Starting in January, debt collection agencies will be under the supervision of the CFPB. Many have been waiting for the Consumer Financial Protection Bureau to bring that industry in, but time will tell if it is important.
Taking care of good guys with CFPB
There is a lot of hatred in the debt collectors business, which they probably deserve considering some of the things collectors do. Though there are good debt collectors out there, there are a lot of bad apples that give the market a bad name.
In 2011, over 180,000 complaints were made about debt collectors to the Federal Trade Commission, according to the New York Times. That is a lot of growth from 2000 when it was only 13,950 complaints. Most of the bad activity is clearly with smaller firms since only 21 percent of complaints to the FTC were from the top 100 debt collectors.
Many have been waiting for the CFPB to bring in the industry's practices and curb abuses and the agency has informed debt collectors that there is a new sheriff in town.
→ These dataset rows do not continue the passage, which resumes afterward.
(* If $\mathbf M\in\mathcal M_1$ and $\mathbf F(\mathbf s)\neq\mathbf M\mathbf s$, then for each $i\in\mathbb N$ there exists $n=n(i)$ such that $$F_i(n;\mathbf 0)=\mathbb P\big(\|\mathbf Z_i(n)\|_1=0\big)>0.$$
   Context: A GWBP/$\infty$ has types $\mathbb N=\{1,2,\dots\}$. Each particle lives one unit of time; a type-$i$ particle produces, independently of everything else, a random vector $\mathbf Z_i=(Z_{ij})_{j\in\mathbb N}$ of children, with $Z_i:=\sum_jZ_{ij}<\infty$ a.s. $\mathbf Z_i(n)=(Z_{ij}(n))_j$ is the generation-$n$ population from one type-$i$ particle, $\|\mathbf Z_i(n)\|_1=\sum_jZ_{ij}(n)$. $F_i(n;\mathbf s)=\mathbb E\prod_js_j^{Z_{ij}(n)}$, $F_i(\mathbf s)=F_i(1;\mathbf s)$; ''$\mathbf F(\mathbf s)\neq\mathbf M\mathbf s$'' means it is not true that $F_i(\mathbf s)=\sum_jM_{ij}s_j$ for all $i,\mathbf s$. Mean matrix $\mathbf M=(M_{ij})$, $M_{ij}=\mathbb EZ_{ij}$, $M^{(n)}_{ij}=\mathbb EZ_{ij}(n)$, $M_i=\sum_jM_{ij}$. Irreducible: for all $i,j$ some $M^{(n)}_{ij}>0$; aperiodic: gcd of such $n$ is 1; then $\lim_n(M^{(n)}_{ij})^{1/n}=1/R$ for a common $R$. $\mathbf M\in\mathcal M_1$ means: (i) irreducible, aperiodic, $R=1$, 1-recurrent ($\sum_nM^{(n)}_{ij}=\infty$) and 1-positive ($\lim_nM^{(n)}_{ij}>0$ for all $i,j$); then there are positive eigenvectors $\mathbf v\mathbf M=\mathbf v$, $\mathbf M\mathbf u^T=\mathbf u^T$, unique up to positive multiples, normalized with $\sum_jv_ju_j=1$; (ii) $\sum_jv_j=1$ and $\sup_iu_i<\infty$; (iii) $\lim_{N\to\infty}\sup_iM_i^{-1}\sum_{j>N}M_{ij}=0$ and $\lim_{K\to\infty}\sup_iM_i^{-1}\mathbb E[Z_i;Z_i>K]=0$. *)

From HB Require Import structures.
From mathcomp Require Import all_boot all_order all_algebra.
From mathcomp Require Import all_classical all_reals all_analysis.
Set Implicit Arguments. Unset Strict Implicit. Unset Printing Implicit Defensive.
Import Order.TTheory GRing.Theory Num.Theory.
Import numFieldNormedType.Exports.
Local Open Scope classical_set_scope.
Local Open Scope ring_scope.

(* Types are indexed by nat (0-based; a relabelling of N = {1,2,...}).
   An offspring vector (Z_ij)_j with finite total Z_i is encoded by a finite
   sequence x : seq nat with Z_ij = nth 0 x j (trailing zeros irrelevant). *)

Section GW.
Variable R : realType.
Variable p : nat -> seq nat -> R.

Definition offspring_law : Prop :=
  forall i, (forall x, 0 <= p i x) /\ (\esum_(x in [set: seq nat]) (p i x)%:E = 1%E).

Definition genF (i : nat) (s : nat -> R) : R :=
  fine (\esum_(x in [set: seq nat]) (p i x * \prod_(j < size x) s j ^+ nth 0 x j)%:E).

Fixpoint genFn (n : nat) (i : nat) (s : nat -> R) : R :=
  match n with
  | 0 => s i
  | n'.+1 => genF i (fun j => genFn n' j s)
  end.

Definition meanM (i j : nat) : \bar R :=
  (\esum_(x in [set: seq nat]) (p i x * (nth 0 x j)%:R)%:E)%E.

Definition meanRow (i : nat) : \bar R := (\sum_(j <oo) meanM i j)%E.

Fixpoint meanMn (n : nat) (i j : nat) : \bar R :=
  match n with
  | 0 => ((i == j)%:R)%:E
  | n'.+1 => (\sum_(k <oo) (meanMn n' i k * meanM k j))%E
  end.

Definition rowTail (i N : nat) : \bar R := (\sum_(N <= j <oo) meanM i j)%E.

Definition truncMean (i K : nat) : \bar R :=
  (\esum_(x in [set: seq nat])
     (p i x * (sumn x)%:R * (K < sumn x)%:R)%:E)%E.

Definition irreducible : Prop :=
  forall i j, exists n, (0 < n)%N /\ (0 < meanMn n i j)%E.

Definition aperiodic : Prop :=
  forall i (d : nat), (forall n, (0 < n)%N -> (0 < meanMn n i i)%E -> (d %| n)%N) -> d = 1%N.

(* lim_n (M^(n)_ij)^{1/n} = 1/R with R = 1 *)
Definition conv_radius_one : Prop :=
  forall i j, (fun n : nat => poweR (meanMn n i j) (n%:R)^-1) @ \oo --> 1%E.

Definition one_recurrent : Prop :=
  forall i j, (\sum_(n <oo) meanMn n i j)%E = +oo%E.

Definition one_positive : Prop :=
  forall i j, exists l : \bar R, (0 < l)%E /\ (fun n => meanMn n i j) @ \oo --> l.

Definition eigen_cond : Prop :=
  exists v u : nat -> R,
    (forall j, 0 < v j) /\ (forall i, 0 < u i) /\
    (forall j, (\sum_(i <oo) ((v i)%:E * meanM i j))%E = (v j)%:E) /\
    (forall i, (\sum_(j <oo) (meanM i j * (u j)%:E))%E = (u i)%:E) /\
    (\sum_(j <oo) (v j * u j)%:E)%E = 1%E /\
    (\sum_(j <oo) (v j)%:E)%E = 1%E /\
    (exists B : R, forall i, u i <= B).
New guidelines starting in January
The CFPB will be in charge of debt collectors officially on Jan 2, 2013 and will make sure debt collectors are honest and civil in their communications with people. People should always pay their personal loans and other debt, but they also should not be abused when they neglect to. Companies will have to reconsider their debt practices.
The Dodd-Frank Act produced the bureau and is what allows the CFPB to deal with non-bank financial institutions.
However, the direction doesn't bring even the majority of debt collectors under its purview. CFPB supervision, according to the Washington Post, will cover those with $10 million or more in yearly receipts, or about 175 of the 4,500 debt collection agencies operating nationwide. However, they also represent 63 percent of the business done by the market, which according to the New York Times makes up roughly $12.2 billion per year as a whole.
Not as poisonous as it seems
According to Forbes, about 5 in every one million people complain even though the top 100 businesses only accounted for 21 percent of grievances. There are not that many complaints despite the bad news of debt collection agencies.
The Consumer Financial Protection Agency is working on further rules to regulate the market, but as Forbes points out, regulating the top players is not as pressing as it might seem. By virtue of being the largest firms, they work with the largest creditors, which mean much tighter scrutiny over practices.
Taking care of good guys with CFPB
There is a lot of hatred in the debt collectors business, which they probably deserve considering some of the things collectors do. Though there are good debt collectors out there, there are a lot of bad apples that give the market a bad name.
In 2011, over 180,000 complaints were made about debt collectors to the Federal Trade Commission, according to the New York Times. That is a lot of growth from 2000 when it was only 13,950 complaints. Most of the bad activity is clearly with smaller firms since only 21 percent of complaints to the FTC were from the top 100 debt collectors.
Many have been waiting for the CFPB to bring in the industry's practices and curb abuses and the agency has informed debt collectors that there is a new sheriff in town.
New guidelines starting in January
The CFPB will be in charge of debt collectors officially on Jan 2, 2013 and will make sure debt collectors are honest and civil in their communications with people. People should always pay their personal loans and other debt, but they also should not be abused when they neglect to. Companies will have to reconsider their debt practices.
The Dodd-Frank Act produced the bureau and is what allows the CFPB to deal with non-bank financial institutions.
However, the direction doesn't bring even the majority of debt collectors under its purview. CFPB supervision, according to the Washington Post, will cover those with $10 million or more in yearly receipts, or about 175 of the 4,500 debt collection agencies operating nationwide. However, they also represent 63 percent of the business done by the market, which according to the New York Times makes up roughly $12.2 billion per year as a whole.
Not as poisonous as it seems
According to Forbes, about 5 in every one million people complain even though the top 100 businesses only accounted for 21 percent of grievances. There are not that many complaints despite the bad news of debt collection agencies.
The Consumer Financial Protection Agency is working on further rules to regulate the market, but as Forbes points out, regulating the top players is not as pressing as it might seem. By virtue of being the largest firms, they work with the largest creditors, which mean much tighter scrutiny over practices.